What is needed |
In the data below, locate each line with the word "exact" and list it.

Data |
--------------------------------

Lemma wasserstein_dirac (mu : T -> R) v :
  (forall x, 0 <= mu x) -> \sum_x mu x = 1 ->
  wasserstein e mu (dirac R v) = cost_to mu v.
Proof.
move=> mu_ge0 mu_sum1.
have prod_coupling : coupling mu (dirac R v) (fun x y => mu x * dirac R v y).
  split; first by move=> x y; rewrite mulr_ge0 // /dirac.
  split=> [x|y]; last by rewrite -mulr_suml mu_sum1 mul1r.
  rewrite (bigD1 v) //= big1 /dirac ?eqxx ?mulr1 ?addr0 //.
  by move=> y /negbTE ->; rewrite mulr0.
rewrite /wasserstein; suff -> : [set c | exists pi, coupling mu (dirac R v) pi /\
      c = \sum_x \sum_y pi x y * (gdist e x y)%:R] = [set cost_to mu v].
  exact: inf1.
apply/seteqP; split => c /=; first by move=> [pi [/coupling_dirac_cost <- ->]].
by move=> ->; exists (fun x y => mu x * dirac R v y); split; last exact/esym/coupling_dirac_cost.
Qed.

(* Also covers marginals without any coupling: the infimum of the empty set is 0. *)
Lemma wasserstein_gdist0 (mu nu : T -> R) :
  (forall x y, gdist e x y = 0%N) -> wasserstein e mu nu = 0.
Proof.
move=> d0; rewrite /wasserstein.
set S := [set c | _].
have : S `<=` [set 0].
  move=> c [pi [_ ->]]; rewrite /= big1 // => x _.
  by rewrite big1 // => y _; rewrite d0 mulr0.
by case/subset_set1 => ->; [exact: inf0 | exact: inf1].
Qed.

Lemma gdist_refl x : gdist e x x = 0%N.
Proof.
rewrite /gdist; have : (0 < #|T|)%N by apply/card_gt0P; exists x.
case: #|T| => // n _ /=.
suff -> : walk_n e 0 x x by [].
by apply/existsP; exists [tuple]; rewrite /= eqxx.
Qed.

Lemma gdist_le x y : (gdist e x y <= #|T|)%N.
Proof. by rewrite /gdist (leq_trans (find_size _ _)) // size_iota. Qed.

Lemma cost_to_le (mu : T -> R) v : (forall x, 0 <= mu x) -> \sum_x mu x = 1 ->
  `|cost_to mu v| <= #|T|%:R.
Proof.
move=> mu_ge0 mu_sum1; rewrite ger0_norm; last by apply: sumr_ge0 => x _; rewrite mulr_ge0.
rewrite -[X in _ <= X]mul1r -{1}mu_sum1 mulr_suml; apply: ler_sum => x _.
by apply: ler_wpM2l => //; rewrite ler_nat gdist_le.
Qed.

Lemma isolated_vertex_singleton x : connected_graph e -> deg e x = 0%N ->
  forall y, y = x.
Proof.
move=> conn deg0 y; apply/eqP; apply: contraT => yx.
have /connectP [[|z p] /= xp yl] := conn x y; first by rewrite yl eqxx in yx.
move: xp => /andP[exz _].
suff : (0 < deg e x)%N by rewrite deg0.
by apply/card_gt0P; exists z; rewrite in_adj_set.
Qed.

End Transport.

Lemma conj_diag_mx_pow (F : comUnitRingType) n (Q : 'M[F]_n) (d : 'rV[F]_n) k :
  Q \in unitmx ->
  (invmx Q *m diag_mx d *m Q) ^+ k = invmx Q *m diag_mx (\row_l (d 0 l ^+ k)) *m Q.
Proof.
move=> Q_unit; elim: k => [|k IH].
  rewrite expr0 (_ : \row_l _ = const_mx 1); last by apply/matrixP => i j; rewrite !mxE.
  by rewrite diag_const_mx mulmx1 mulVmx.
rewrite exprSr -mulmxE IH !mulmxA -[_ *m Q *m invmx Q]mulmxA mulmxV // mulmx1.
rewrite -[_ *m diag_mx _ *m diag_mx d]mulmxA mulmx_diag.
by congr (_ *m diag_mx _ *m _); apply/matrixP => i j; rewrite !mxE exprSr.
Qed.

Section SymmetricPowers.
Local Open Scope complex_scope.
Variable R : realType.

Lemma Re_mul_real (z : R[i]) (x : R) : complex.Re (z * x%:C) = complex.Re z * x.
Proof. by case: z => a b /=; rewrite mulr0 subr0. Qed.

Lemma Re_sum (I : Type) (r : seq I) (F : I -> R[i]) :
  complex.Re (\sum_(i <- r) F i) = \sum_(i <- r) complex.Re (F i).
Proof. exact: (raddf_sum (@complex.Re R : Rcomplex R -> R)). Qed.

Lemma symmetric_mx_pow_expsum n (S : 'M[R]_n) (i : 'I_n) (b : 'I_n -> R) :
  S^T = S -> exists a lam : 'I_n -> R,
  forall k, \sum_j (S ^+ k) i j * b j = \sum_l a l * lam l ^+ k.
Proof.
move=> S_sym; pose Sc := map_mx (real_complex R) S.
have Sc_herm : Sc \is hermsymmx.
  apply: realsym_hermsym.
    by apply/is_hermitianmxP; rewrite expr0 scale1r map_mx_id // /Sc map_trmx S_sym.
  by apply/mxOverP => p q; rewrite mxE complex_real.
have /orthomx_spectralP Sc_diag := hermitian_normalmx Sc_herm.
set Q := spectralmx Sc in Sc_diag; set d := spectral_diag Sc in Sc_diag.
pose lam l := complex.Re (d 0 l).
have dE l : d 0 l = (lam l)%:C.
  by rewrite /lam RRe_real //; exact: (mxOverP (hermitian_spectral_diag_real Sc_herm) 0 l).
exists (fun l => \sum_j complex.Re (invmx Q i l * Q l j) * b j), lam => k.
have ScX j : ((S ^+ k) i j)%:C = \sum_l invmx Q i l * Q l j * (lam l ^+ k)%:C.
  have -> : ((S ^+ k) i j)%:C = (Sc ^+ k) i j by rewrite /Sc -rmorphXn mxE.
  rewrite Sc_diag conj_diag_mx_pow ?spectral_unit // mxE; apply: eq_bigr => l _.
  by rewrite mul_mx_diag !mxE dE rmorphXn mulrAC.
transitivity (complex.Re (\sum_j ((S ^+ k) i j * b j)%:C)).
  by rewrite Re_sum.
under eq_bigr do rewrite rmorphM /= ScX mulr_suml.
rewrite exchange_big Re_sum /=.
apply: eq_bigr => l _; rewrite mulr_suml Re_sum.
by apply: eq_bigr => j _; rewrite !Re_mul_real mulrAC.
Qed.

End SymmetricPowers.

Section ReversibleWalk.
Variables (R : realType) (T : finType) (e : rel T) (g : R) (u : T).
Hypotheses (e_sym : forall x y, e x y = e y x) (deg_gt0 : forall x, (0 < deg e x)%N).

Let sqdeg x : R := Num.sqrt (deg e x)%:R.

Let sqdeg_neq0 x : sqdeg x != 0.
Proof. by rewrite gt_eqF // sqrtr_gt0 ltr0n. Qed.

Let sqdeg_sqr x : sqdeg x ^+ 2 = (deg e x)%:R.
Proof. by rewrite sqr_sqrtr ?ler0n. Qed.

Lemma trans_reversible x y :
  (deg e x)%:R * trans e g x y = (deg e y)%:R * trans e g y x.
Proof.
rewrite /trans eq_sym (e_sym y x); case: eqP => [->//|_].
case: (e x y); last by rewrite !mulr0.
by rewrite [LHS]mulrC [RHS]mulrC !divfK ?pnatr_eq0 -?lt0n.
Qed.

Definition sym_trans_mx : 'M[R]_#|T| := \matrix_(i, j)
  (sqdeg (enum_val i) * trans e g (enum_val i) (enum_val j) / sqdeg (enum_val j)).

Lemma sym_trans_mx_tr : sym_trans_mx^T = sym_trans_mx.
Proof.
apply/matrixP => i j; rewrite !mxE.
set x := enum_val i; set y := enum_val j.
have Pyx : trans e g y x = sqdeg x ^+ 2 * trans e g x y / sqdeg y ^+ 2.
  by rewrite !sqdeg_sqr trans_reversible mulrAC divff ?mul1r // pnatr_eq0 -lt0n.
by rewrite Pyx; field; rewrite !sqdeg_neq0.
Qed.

--------------------------------

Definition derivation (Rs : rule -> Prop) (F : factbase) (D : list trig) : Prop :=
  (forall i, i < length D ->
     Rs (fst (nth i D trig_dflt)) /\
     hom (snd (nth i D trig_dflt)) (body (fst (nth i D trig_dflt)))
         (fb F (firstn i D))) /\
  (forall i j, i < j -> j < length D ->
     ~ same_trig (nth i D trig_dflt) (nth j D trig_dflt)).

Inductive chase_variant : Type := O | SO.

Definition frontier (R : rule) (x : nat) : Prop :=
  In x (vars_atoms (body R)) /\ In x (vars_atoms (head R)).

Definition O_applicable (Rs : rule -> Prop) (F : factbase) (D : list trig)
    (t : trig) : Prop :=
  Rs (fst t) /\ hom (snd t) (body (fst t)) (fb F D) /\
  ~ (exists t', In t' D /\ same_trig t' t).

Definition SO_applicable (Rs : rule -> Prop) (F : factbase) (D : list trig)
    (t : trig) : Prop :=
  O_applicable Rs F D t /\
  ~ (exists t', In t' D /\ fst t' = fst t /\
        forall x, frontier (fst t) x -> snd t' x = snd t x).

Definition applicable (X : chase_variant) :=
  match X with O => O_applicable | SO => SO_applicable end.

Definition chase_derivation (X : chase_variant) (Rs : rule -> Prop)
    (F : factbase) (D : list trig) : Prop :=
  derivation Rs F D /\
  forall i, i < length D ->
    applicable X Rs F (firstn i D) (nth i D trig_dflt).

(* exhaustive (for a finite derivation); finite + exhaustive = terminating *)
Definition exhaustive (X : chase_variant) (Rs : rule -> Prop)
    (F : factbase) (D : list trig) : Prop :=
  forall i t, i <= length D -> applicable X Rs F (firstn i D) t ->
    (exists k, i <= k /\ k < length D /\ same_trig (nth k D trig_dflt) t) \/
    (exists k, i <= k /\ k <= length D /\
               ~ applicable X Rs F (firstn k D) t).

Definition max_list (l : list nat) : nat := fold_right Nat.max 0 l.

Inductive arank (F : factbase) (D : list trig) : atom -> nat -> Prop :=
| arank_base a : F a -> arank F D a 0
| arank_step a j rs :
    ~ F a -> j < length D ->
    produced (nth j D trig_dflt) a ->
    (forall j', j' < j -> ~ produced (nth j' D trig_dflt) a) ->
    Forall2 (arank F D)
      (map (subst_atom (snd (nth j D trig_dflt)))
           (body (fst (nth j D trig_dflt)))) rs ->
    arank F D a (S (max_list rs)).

--------------------------------

Response below |
  exact: inf1.
by move=> ->; exists (fun x y => mu x * dirac R v y); split; last exact/esym/coupling_dirac_cost.
by case/subset_set1 => ->; [exact: inf0 | exact: inf1].
Proof. exact: (raddf_sum (@complex.Re R : Rcomplex R -> R)). Qed.
  by rewrite /lam RRe_real //; exact: (mxOverP (hermitian_spectral_diag_real Sc_herm) 0 l).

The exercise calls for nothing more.